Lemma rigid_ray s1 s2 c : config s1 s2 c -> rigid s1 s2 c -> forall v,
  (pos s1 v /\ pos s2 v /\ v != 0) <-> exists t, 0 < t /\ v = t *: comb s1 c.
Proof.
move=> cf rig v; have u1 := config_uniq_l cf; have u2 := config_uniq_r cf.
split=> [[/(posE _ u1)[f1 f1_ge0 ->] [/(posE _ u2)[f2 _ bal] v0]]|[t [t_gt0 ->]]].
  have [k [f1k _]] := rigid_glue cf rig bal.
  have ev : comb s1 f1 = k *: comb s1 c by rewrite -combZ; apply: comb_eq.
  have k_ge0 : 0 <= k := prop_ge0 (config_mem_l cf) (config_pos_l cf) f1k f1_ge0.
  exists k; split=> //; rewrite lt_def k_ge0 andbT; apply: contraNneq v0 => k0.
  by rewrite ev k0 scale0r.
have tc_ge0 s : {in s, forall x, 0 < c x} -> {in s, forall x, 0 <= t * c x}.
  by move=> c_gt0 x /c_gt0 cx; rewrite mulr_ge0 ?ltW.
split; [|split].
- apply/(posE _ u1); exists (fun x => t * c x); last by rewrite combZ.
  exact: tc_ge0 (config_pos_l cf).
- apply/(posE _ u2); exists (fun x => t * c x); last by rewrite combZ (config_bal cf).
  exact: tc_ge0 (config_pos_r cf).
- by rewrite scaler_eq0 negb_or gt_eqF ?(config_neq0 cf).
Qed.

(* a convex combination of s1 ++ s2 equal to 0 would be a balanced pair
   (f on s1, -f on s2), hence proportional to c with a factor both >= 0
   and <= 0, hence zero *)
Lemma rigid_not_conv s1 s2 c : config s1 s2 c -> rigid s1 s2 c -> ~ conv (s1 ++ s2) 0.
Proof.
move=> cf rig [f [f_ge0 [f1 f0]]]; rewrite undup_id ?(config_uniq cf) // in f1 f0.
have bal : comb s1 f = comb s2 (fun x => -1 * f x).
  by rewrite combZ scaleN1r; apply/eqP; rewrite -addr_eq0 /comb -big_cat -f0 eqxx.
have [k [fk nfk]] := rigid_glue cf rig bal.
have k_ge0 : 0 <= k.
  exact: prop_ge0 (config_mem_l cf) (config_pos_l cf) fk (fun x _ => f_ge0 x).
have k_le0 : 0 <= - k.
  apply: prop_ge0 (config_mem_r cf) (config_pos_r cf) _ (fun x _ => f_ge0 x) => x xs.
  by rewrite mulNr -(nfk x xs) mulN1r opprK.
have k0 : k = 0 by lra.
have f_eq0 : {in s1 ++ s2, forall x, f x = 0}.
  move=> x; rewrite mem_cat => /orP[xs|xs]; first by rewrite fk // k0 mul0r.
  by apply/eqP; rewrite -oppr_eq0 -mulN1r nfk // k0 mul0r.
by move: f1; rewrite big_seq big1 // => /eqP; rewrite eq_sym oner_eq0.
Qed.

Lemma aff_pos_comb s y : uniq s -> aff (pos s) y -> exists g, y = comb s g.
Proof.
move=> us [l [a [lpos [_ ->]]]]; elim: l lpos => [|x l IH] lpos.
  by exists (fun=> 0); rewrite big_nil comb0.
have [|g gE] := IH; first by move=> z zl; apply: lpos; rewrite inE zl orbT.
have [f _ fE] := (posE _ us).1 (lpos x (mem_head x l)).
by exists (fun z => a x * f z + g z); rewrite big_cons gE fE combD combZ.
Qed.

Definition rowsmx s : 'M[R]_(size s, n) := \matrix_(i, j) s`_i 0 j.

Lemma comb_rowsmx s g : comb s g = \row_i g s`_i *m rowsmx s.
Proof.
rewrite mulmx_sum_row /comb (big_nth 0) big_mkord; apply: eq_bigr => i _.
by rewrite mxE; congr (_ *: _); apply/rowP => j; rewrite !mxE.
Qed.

### WHAT YOU NEED TO DO
Go line by line through the records above and copy each one containing "apply".

### TASK SOLUTION
  have ev : comb s1 f1 = k *: comb s1 c by rewrite -combZ; apply: comb_eq.
  exists k; split=> //; rewrite lt_def k_ge0 andbT; apply: contraNneq v0 => k0.
- apply/(posE _ u1); exists (fun x => t * c x); last by rewrite combZ.
- apply/(posE _ u2); exists (fun x => t * c x); last by rewrite combZ (config_bal cf).
  by rewrite combZ scaleN1r; apply/eqP; rewrite -addr_eq0 /comb -big_cat -f0 eqxx.
  apply: prop_ge0 (config_mem_r cf) (config_pos_r cf) _ (fun x _ => f_ge0 x) => x xs.
  by apply/eqP; rewrite -oppr_eq0 -mulN1r nfk // k0 mul0r.
have [|g gE] := IH; first by move=> z zl; apply: lpos; rewrite inE zl orbT.
rewrite mulmx_sum_row /comb (big_nth 0) big_mkord; apply: eq_bigr => i _.
by rewrite mxE; congr (_ *: _); apply/rowP => j; rewrite !mxE.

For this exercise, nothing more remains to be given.